• _YOUR GOAL_:
Go through the listing below and output exactly the line with "(forall i, i", the line with "left. exists r. reflexivity.", and each line between; omit the rest.

• _INFORMATION_:

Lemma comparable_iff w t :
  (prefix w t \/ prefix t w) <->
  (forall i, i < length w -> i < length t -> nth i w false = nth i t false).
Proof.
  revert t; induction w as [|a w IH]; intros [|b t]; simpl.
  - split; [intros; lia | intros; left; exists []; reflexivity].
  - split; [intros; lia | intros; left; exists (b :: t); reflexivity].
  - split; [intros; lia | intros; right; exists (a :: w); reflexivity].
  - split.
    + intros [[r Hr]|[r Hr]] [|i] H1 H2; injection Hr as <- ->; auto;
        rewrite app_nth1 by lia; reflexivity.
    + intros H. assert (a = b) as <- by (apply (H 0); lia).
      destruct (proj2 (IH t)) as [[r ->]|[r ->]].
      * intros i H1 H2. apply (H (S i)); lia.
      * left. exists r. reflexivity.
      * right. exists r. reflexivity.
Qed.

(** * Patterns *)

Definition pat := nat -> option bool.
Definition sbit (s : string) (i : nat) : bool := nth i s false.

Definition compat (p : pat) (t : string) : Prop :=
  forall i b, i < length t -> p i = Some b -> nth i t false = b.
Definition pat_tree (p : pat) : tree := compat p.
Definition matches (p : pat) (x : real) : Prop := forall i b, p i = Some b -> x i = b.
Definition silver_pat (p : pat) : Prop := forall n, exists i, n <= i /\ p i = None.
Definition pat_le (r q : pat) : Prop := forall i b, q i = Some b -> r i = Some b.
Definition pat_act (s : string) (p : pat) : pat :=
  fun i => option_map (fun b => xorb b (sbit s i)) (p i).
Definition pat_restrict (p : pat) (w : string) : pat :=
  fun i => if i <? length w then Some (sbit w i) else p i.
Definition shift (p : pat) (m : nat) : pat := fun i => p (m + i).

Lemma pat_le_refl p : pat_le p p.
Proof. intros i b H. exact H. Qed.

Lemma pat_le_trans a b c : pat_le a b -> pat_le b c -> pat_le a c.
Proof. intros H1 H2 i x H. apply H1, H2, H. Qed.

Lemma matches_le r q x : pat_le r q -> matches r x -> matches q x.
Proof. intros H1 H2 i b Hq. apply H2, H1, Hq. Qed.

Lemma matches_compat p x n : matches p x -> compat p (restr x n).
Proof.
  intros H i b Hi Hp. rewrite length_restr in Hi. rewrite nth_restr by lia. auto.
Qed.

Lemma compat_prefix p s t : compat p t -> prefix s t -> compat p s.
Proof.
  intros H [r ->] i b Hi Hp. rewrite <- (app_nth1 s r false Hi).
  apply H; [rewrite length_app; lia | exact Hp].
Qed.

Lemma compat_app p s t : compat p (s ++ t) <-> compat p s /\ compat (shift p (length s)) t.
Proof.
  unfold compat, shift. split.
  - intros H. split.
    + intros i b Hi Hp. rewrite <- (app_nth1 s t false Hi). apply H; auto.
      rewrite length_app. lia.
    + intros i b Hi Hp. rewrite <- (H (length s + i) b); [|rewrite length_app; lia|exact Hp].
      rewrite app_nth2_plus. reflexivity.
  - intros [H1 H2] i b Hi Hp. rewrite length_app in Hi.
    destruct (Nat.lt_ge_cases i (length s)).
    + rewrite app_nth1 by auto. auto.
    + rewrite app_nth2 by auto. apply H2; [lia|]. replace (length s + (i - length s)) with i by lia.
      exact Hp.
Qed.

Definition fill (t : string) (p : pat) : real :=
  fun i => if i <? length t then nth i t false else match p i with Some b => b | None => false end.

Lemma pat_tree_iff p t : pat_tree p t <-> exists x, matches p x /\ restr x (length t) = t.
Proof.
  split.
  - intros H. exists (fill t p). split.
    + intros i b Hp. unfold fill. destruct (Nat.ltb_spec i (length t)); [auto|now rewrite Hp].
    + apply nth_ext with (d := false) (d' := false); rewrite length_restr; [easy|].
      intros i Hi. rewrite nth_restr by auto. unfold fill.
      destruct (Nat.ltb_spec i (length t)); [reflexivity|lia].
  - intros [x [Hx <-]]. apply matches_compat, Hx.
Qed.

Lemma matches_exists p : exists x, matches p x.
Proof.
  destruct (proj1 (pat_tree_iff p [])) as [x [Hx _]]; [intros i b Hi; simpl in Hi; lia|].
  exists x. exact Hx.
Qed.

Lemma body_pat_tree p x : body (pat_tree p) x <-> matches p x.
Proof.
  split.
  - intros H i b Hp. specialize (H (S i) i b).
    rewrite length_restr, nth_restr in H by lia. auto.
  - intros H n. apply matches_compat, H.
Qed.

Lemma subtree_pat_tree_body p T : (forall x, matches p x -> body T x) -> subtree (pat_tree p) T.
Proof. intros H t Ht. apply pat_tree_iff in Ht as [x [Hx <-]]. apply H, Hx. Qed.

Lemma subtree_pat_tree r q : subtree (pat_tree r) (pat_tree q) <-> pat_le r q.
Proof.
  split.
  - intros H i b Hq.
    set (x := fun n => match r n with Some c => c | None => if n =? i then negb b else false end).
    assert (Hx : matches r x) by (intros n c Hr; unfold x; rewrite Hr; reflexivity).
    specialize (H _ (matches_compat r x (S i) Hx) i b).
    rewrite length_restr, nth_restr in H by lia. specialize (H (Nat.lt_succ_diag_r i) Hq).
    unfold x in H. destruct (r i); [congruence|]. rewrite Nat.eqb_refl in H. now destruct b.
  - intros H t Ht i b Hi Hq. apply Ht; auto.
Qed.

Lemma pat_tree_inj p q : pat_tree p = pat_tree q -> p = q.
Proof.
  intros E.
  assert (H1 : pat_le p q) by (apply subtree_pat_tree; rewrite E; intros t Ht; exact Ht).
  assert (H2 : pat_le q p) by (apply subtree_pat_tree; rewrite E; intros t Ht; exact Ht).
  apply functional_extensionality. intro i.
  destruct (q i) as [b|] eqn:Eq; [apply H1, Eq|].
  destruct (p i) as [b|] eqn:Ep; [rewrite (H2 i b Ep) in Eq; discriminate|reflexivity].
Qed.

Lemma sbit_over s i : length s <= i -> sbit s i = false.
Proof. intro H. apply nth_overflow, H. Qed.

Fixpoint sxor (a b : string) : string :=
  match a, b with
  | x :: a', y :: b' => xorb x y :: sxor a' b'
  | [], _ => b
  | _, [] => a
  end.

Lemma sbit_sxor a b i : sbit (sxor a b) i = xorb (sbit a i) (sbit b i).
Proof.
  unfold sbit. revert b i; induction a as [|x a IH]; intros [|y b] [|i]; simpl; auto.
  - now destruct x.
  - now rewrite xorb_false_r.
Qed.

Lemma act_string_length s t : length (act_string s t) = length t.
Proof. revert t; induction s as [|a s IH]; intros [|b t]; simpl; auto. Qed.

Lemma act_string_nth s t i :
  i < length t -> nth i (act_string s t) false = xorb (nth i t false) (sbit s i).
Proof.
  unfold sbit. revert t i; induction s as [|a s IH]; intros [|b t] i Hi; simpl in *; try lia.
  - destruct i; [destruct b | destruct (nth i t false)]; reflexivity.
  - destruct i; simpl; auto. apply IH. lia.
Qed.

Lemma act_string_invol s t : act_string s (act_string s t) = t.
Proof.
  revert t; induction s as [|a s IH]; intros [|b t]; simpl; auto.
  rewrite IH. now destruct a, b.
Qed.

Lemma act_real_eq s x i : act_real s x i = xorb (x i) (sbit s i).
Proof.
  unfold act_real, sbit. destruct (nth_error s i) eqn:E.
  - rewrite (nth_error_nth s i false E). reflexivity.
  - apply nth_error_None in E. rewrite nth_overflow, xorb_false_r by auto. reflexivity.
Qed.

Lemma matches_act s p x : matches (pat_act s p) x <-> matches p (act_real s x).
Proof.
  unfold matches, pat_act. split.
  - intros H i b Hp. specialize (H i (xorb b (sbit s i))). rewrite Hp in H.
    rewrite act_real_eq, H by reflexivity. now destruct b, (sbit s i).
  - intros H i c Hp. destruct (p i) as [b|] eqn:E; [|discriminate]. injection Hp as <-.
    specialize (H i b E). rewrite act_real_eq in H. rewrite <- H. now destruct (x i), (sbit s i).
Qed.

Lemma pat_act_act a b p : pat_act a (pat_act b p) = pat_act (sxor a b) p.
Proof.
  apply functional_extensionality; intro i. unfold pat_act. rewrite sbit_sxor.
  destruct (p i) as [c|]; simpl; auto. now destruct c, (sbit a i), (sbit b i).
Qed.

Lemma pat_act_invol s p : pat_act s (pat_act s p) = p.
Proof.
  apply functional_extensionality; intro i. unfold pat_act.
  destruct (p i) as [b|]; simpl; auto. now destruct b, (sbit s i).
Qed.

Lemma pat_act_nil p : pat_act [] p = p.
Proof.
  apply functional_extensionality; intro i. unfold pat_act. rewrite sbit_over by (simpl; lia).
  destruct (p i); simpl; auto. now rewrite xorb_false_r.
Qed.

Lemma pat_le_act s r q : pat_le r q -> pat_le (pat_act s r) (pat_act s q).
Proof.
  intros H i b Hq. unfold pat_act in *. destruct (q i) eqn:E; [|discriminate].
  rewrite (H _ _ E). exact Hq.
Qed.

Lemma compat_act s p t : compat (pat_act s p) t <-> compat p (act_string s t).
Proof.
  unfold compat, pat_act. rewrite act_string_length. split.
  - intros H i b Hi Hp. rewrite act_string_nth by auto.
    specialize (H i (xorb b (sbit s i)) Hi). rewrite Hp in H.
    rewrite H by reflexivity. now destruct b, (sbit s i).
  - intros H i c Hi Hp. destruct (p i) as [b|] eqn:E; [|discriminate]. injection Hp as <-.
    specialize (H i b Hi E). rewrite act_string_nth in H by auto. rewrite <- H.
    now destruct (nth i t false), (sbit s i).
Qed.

• _RESULT FOR THIS EXERCISE_:
  (forall i, i < length w -> i < length t -> nth i w false = nth i t false).
Proof.
  revert t; induction w as [|a w IH]; intros [|b t]; simpl.
  - split; [intros; lia | intros; left; exists []; reflexivity].
  - split; [intros; lia | intros; left; exists (b :: t); reflexivity].
  - split; [intros; lia | intros; right; exists (a :: w); reflexivity].
  - split.
    + intros [[r Hr]|[r Hr]] [|i] H1 H2; injection Hr as <- ->; auto;
        rewrite app_nth1 by lia; reflexivity.
    + intros H. assert (a = b) as <- by (apply (H 0); lia).
      destruct (proj2 (IH t)) as [[r ->]|[r ->]].
      * intros i H1 H2. apply (H (S i)); lia.
      * left. exists r. reflexivity.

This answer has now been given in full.